**EXERCISE GOAL:**
A complete answer lists every line of the entries below where the string "Section" appears.

(Stored items)
● ● ● ●

(* Let $\mathcal{SB}=\langle\mathcal{L},A,\to,\text{supp}\rangle$ be an SBAF and $S$ a weakly adequate language extension. Then $Arg_w(S)=Init(S)$.
   Context: A language is a triple $\mathcal{L}=\langle L,\overline{\cdot},n\rangle$: $L$ is a nonempty set of sentences; $\overline{\cdot}$ assigns to each $s\in L$ a set $\overline{s}\subseteq L$ of sentences incompatible with $s$, and is symmetric; $n$ is a partial naming function assigning to an argument $a$ a sentence $n(a)\in L$ (if undefined, put $\overline{n(a)}:=\emptyset$), with $\overline{n(\langle\{t\},t\rangle)}=\emptyset$. An argument is a pair $a=\langle Prem(a),Conc(a)\rangle$ with $Prem(a)$ a nonempty finite subset of $L$ and $Conc(a)\in L$; $Sent(a):=Prem(a)\cup\{Conc(a)\}$, $Sent(E):=\bigcup_{a\in E}Sent(a)$. Argument $a$ attacks $b$ ($a\to b$) if $Conc(a)\in\overline{s}$ for some $s\in Sent(b)$ or $Conc(a)\in\overline{n(b)}$. An SBAF is $\langle\mathcal{L},A,\to,\text{supp}\rangle$ with $A$ a finite set of arguments. For $E\subseteq A$: $E$ defends $a\in A$ if for every $b\in A$ with $b\to a$ some element of $E$ attacks $b$; $E$ is conflict-free if no $a,b\in E$ with $a\to b$; admissible if conflict-free and defends all its elements. $S$ is compatible if no $s,t\in S$ with $s\in\overline t$. $Arg_s(S):=\{a\in A\mid Prem(a)\subseteq S\text{ and }\overline{n(a)}\cap S=\emptyset\}$; $R^S(E):=\{a\in A\mid a\in Arg_s(S)\text{ and }E\text{ defends }a\}$. For compatible $S$, $Init(S)$ is the largest admissible subset of $\{a\in A\mid Sent(a)\subseteq S\text{ and }\overline{n(a)}\cap S=\emptyset\}$, and $Arg_w(S)$ is the $\subseteq$-least set $E$ with $Init(S)\subseteq E$ and $R^S(E)=E$. A weakly adequate language extension is a compatible $S\subseteq Sent(A)$ such that $Sent(a)\subseteq S$ for every $a\in Arg_w(S)$. *)

From HB Require Import structures.
From mathcomp Require Import all_boot finmap.
Set Implicit Arguments. Unset Strict Implicit. Unset Printing Implicit Defensive.
Open Scope fset_scope.

(* Sentences live in a type T (the set L).  An argument is a pair
   (Prem, Conc) with Prem a finite subset of L and Conc in L. *)
Definition argument (T : choiceType) := ({fset T} * T)%type.

Section SBAF.
Variable T : choiceType.
(* inc s t  <->  t \in overline(s)  (the incompatibility map) *)
Variable inc : T -> T -> bool.
(* partial naming function: None = undefined *)
Variable nm : argument T -> option T.
Variable A : {fset argument T}.

Definition Prem (a : argument T) : {fset T} := a.1.
Definition Conc (a : argument T) : T := a.2.
Definition Sent (a : argument T) : {fset T} := Prem a `|` [fset Conc a].
Definition SentE (E : {fset argument T}) : {fset T} := \bigcup_(a <- E) Sent a.

(* t \in overline(n(a)), with overline(n(a)) = emptyset when n(a) undefined *)
Definition incn (a : argument T) (t : T) : bool :=
  if nm a is Some u then inc u t else false.

Definition attacks (a b : argument T) : Prop :=
  (exists2 s, s \in Sent b & inc s (Conc a)) \/ incn b (Conc a).

Definition defends (E : {fset argument T}) (a : argument T) : Prop :=
  forall b, b \in A -> attacks b a -> exists2 c, c \in E & attacks c b.

Definition conflict_free (E : {fset argument T}) : Prop :=
  forall a b, a \in E -> b \in E -> ~ attacks a b.

Definition admissible (E : {fset argument T}) : Prop :=
  conflict_free E /\ forall a, a \in E -> defends E a.

Definition compatible (S : {fset T}) : Prop :=
  forall s t, s \in S -> t \in S -> ~~ inc t s.

Definition name_disjoint (S : {fset T}) (a : argument T) : Prop :=
  forall t, t \in S -> ~~ incn a t.

Definition Arg_s (S : {fset T}) (a : argument T) : Prop :=
  a \in A /\ Prem a `<=` S /\ name_disjoint S a.

Definition R_S (S : {fset T}) (E : {fset argument T}) (a : argument T) : Prop :=
  Arg_s S a /\ defends E a.

Definition R_fixed (S : {fset T}) (E : {fset argument T}) : Prop :=
  forall a, R_S S E a <-> a \in E.

Definition init_dom (S : {fset T}) (a : argument T) : Prop :=
  a \in A /\ Sent a `<=` S /\ name_disjoint S a.

Definition is_Init (S : {fset T}) (I : {fset argument T}) : Prop :=
  (forall a, a \in I -> init_dom S a) /\ admissible I /\
  (forall J : {fset argument T},
     (forall a, a \in J -> init_dom S a) -> admissible J -> J `<=` I).

Definition is_Arg_w (S : {fset T}) (I E : {fset argument T}) : Prop :=
  I `<=` E /\ R_fixed S E /\
  (forall E' : {fset argument T}, I `<=` E' -> R_fixed S E' -> E `<=` E').

Definition weakly_adequate (S : {fset T}) : Prop :=
  compatible S /\ S `<=` SentE A /\
  (forall I E, is_Init S I -> is_Arg_w S I E ->
     forall a, a \in E -> Sent a `<=` S).

End SBAF.

From HB Require Import structures.
From mathcomp Require Import all_boot finmap.
Set Implicit Arguments. Unset Strict Implicit. Unset Printing Implicit Defensive.
Open Scope fset_scope.

(* Weak adequacy puts every sentence of Arg_w(S) into the compatible set S,
   so Arg_w(S) is conflict-free (an attack would put two incompatible
   sentences in S) and, being a fixpoint of R^S, defends its members; it also
   lies in the domain of Init(S).  Maximality of Init(S) gives
   Arg_w(S) <= Init(S); the reverse inclusion holds by definition. *)

Section WeakExtension.
Variables (T : choiceType) (inc : T -> T -> bool) (nm : argument T -> option T).
Variable A : {fset argument T}.
Variables (S : {fset T}) (E : {fset argument T}).

Hypothesis S_compatible : compatible inc S.
Hypothesis E_in_S : forall a, a \in E -> Sent a `<=` S.

Lemma Conc_in_Sent (a : argument T) : Conc a \in Sent a.
Proof. by rewrite /Sent in_fsetU in_fset1 eqxx orbT. Qed.

Lemma conflict_free_in_compatible :
  (forall a, a \in E -> name_disjoint inc nm S a) -> conflict_free inc nm E.
Proof.
move=> E_nd a b aE bE.
have concS : Conc a \in S := fsubsetP (E_in_S aE) _ (Conc_in_Sent a).
case=> [[s sb inc_s] | inc_nb].
- have sS : s \in S := fsubsetP (E_in_S bE) _ sb.
  by move: (S_compatible concS sS); rewrite inc_s.
- by move: (E_nd b bE _ concS); rewrite inc_nb.
Qed.

Hypothesis E_fixed : R_fixed inc nm A S E.

Lemma R_fixed_init_dom (a : argument T) : a \in E -> init_dom inc nm A S a.
Proof.
move=> aE; have [[aA [_ nd]] _] := (E_fixed a).2 aE.
by split=> //; split=> //; exact: E_in_S.
Qed.

Lemma R_fixed_admissible : admissible inc nm A E.
Proof.
split; last by move=> a /E_fixed [].
by apply: conflict_free_in_compatible => a /R_fixed_init_dom [_ []].
Qed.

End WeakExtension.

Lemma Arg_w_eq_Init (T : choiceType) (inc : T -> T -> bool)
    (nm : argument T -> option T) (A : {fset argument T})
    (S : {fset T}) (I E : {fset argument T}) :
  compatible inc S -> (forall a, a \in E -> Sent a `<=` S) ->
  is_Init inc nm A S I -> is_Arg_w inc nm A S I E -> E = I.
Proof.
move=> S_comp E_in_S [_ [_ I_max]] [IE [E_fixed _]].
apply/eqP; rewrite eqEfsubset IE andbT.
apply: I_max; first exact: R_fixed_init_dom E_in_S E_fixed.
exact: R_fixed_admissible S_comp E_in_S E_fixed.
Qed.

Theorem mainTheorem13 (T : choiceType) (inc : T -> T -> bool)
    (nm : argument T -> option T) (A : {fset argument T})
    (supp : rel (argument T)) :
  inhabited T ->
  (forall s t, inc s t = inc t s) ->
  (forall t u, nm ([fset t], t) = Some u -> forall v, ~~ inc u v) ->
  (forall a, a \in A -> Prem a != fset0) ->
  forall S : {fset T}, weakly_adequate inc nm A S ->
  forall I E : {fset argument T},
    is_Init inc nm A S I -> is_Arg_w inc nm A S I E -> E = I.
Proof.
move=> _ _ _ _ S [S_comp [_ adequate]] I E I_init E_argw.
exact: Arg_w_eq_Init S_comp (adequate I E I_init E_argw) I_init E_argw.
Qed.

● ● ● ●

**EXERCISE RESULT:**
Section SBAF.
Section WeakExtension.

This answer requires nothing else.